2. Don’t start by looking for an agent. Do your research first. Start
by learning about agents, submissions, publishing houses, the
industry, et cetera. Note: This is a huge subject.
a. No matter how you think it works, the publishing industry doesn’t
work the way you think it does. This is true even for publishing
professionals. They know how their part of the industry works, and
they know a lot about adjacent areas, but the further afield they go,
the less reliable their expertise will be. People who aren’t in the
industry generally don’t have a clue.
i. A phenomenal number of articles about how publishing works are
written by people who don’t know what they’re talking about. This is
partly because writing about writing, or writing about publishing, is
what wanna-be authors do when they’ve given up on writing, but don’t
yet want to admit it. It’s also because a made-up version of the
publishing industry is going to be much simpler and more logical than
the real thing, and thus is easier to write about.
ii. Look askance at articles that credit some industry practice to the
stupidity of people working in the industry, who have failed to see
the simple and obvious solution the author of the article is about to
3. There are easily as many scam agents, useless agents, and clueless
agents as there are real ones. They all swap bad information with each
other. The difference is that the scammers know it’s bad information.
a. You can’t research this subject just by getting online and looking.

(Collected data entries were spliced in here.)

(* For integers $r\geq1$, $p\geq2$, $k_1\geq2$ and $k_2,\ldots,k_r\geq1$, \[ \lim_{m\to\infty}\zeta^{\star}(k_1,\ldots,k_r,\{p\}^m)=\zeta^{\star}(k_1,\ldots,k_{r-1})+\sum_{n_1\geq\cdots\geq n_r\geq2}\frac{1}{n_1^{k_1}\cdots n_r^{k_r}}\prod_{l=2}^{n_r}\frac{l^p}{l^p-1}. \]
   Context: $\zeta^{\star}(k_1,\ldots,k_r)=\sum_{n_1\geq\cdots\geq n_r\geq 1}\frac{1}{n_1^{k_1}\cdots n_r^{k_r}}$ for $k_1\geq2$, $k_2,\ldots,k_r\geq1$; $\{p\}^m$ denotes $m$ consecutive arguments equal to $p$. For $r=1$, $\zeta^{\star}(k_1,\ldots,k_{r-1})$ is the empty value, interpreted as $1$. *)

From Stdlib Require Import Reals List.
From Coquelicot Require Import Coquelicot.
Open Scope R_scope.

(* Truncated nested sum: for ks = [k1; ...; kr],
   nsum ks lo w N = sum_{N >= n1 >= ... >= nr >= lo} w(nr) / (n1^k1 ... nr^kr),
   and nsum [] lo w N = w N (so that with w = 1 the empty sum is 1). *)
Fixpoint nsum (ks : list nat) (lo : nat) (w : nat -> R) (N : nat) : R :=
  match ks with
  | nil => w N
  | k :: ks' => sum_n_m (fun n => / (INR n ^ k) * nsum ks' lo w n) lo N
  end.

Definition zeta_star (ks : list nat) : R :=
  real (Lim_seq (fun N => nsum ks 1 (fun _ => 1) N)).

(* prod_{l=2}^{n} l^p / (l^p - 1)  (empty product = 1 for n <= 1) *)
Fixpoint wprod (p n : nat) : R :=
  match n with
  | O => 1
  | S n' => match n' with
            | O => 1
            | _ => wprod p n' * (INR n ^ p / (INR n ^ p - 1))
            end
  end.

Definition rhs_sum (ks : list nat) (p : nat) : R :=
  real (Lim_seq (fun N => nsum ks 2 (wprod p) N)).
Definition is_filtration (V : nat -> set A) : Prop :=
  V 0%N = [set 0] /\
  (forall n, is_subspace (V n)) /\
  (forall n, V n `<=` V n.+1) /\
  (forall a, exists n, V n a) /\
  (forall n m x y, V n x -> V m y -> V (n + m)%N (x * y)) /\
  (forall n, fin_quot (V n.+1) (V n)).

(* algebraic entropy h_alg(A, F) in the extended reals;
   log 0 is read as -oo *)
Definition h_alg (R : realType) (V : nat -> set A) : \bar R :=
  if pselect fin_dim_alg then 0%E
  else limn_esup (fun n : nat =>
         if qdim (V n) (V n.-1) == 0%N then -oo%E
         else ((ln (qdim (V n) (V n.-1))%:R) / n%:R)%:E).

End Filtrations.

Definition sum_filtration (K : fieldType) (A B : algType K)
  (V : nat -> set A) (W : nat -> set B) : nat -> set (A * B)%type :=
  fun n => [set x | V n x.1 /\ W n x.2].

From HB Require Import structures.
From mathcomp Require Import all_boot all_order all_algebra.
From mathcomp Require Import all_classical all_reals.
From mathcomp Require Import ereal topology normedtype sequences exp.
Import Order.TTheory GRing.Theory Num.Theory numFieldNormedType.Exports.
Set Implicit Arguments. Unset Strict Implicit. Unset Printing Implicit Defensive.
Local Open Scope classical_set_scope.
Local Open Scope ring_scope.

(* The n-th quotient of the sum filtration is (V_n / V_(n-1)) (+) (W_n / W_(n-1)),
   so its dimension is a_n + b_n, where a_n and b_n are the quotient dimensions
   for A and B.  Since max(a, b) <= a + b <= 2 max(a, b), the rate
   log(a_n + b_n) / n lies between the maximum of the two rates and that maximum
   plus log 2 / n, hence its lim sup is the maximum of the two lim sups.
   Finite dimensionality enters through the convention h_alg = 0: an algebra is
   finite dimensional exactly when its quotient dimensions vanish eventually,
   in which case its rate has lim sup -oo, while otherwise infinitely many
   quotients are nonzero and the lim sup is >= 0; so in every case the maximum
   of the entropies is the entropy of the sum. *)

Section LinearCombinations.
Variables (K : fieldType) (M : lmodType K).
Implicit Types (s t : seq M) (c d : nat -> K).

Definition lincomb s c : M := \sum_(i < size s) c i *: s`_i.

Definition nat_coef n (c : 'I_n -> K) : nat -> K := fun k => oapp c 0 (insub k).

Definition join_coef n c d : nat -> K := fun k => if (k < n)%N then c k else d (k - n)%N.

Lemma nat_coefE n (c : 'I_n -> K) (i : 'I_n) : nat_coef c i = c i.
Proof. by rewrite /nat_coef valK. Qed.

Lemma lincomb_ord s (c : 'I_(size s) -> K) :
  \sum_(i < size s) c i *: s`_i = lincomb s (nat_coef c).
Proof. by apply: eq_bigr => i _; rewrite nat_coefE. Qed.

Lemma lincomb_nil c : lincomb [::] c = 0.
Proof. exact: big_ord0. Qed.

Lemma lincomb_cat s t c :
  lincomb (s ++ t) c = lincomb s c + lincomb t (fun i => c (size s + i)%N).
Proof.
rewrite /lincomb size_cat big_split_ord; congr (_ + _); apply: eq_bigr => i _.
  by rewrite nth_cat /= ltn_ord.
by rewrite nth_cat /= ltnNge leq_addr addKn.
Qed.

You have to stick to good sources.
4. Did I mention that any idiot can write a book about how to be a
writer? When you see someone who’s never sold a book, but who’s
written a book about how to get your book published, and said book was
published by a vanity house, and said author is nevertheless accepted
as an authority on the subject by a great many aspiring writers, you
know you’ve wandered into strange territory.
a. The scary part is that I’ve just described more than one
Authoritative Source of Advice about Writing and Publishing.
b. Any idiot can put up a website, too.
c. Check out your source’s credentials.
i. It’s always worth your while to assess the quality of the info
you’re getting, because bad advice can cost you such an inordinate
amount of time and effort.
The Essential Resources:
The Association of Authors’ Representatives
There are some legit agents that don’t belong to the AAR, but not
many; and if an agent belongs, they’re legit.
Writer Beware: http://www.sfwa.org/beware/
Preditors & Editors is one site in two places, mirrored:
Aspiring writers should read both Writer Beware and Preditors &
Editors. Reading them from start to finish wouldn’t be a bad idea.
Further Agent-Specific Resources
Agent Research & Evaluation has a good reputation and a stern
Agent Query, http://www.agentquery.com/, is an online database of
agent info. I haven’t used them. They’ve been casually recommended to
People who give reliable advice:
Victoria Strauss, who ought to get a Special Hugo or something. She
has a collection of very good articles on her website, a couple of
which are specifically about finding an agent:
Jim Macdonald, sometimes known as Yog Sysop. He hangs out at
AbsoluteWrite, fighting scammers in the Bewares Board, and teaching
writing in Learn Novel Writing with Uncle Jim.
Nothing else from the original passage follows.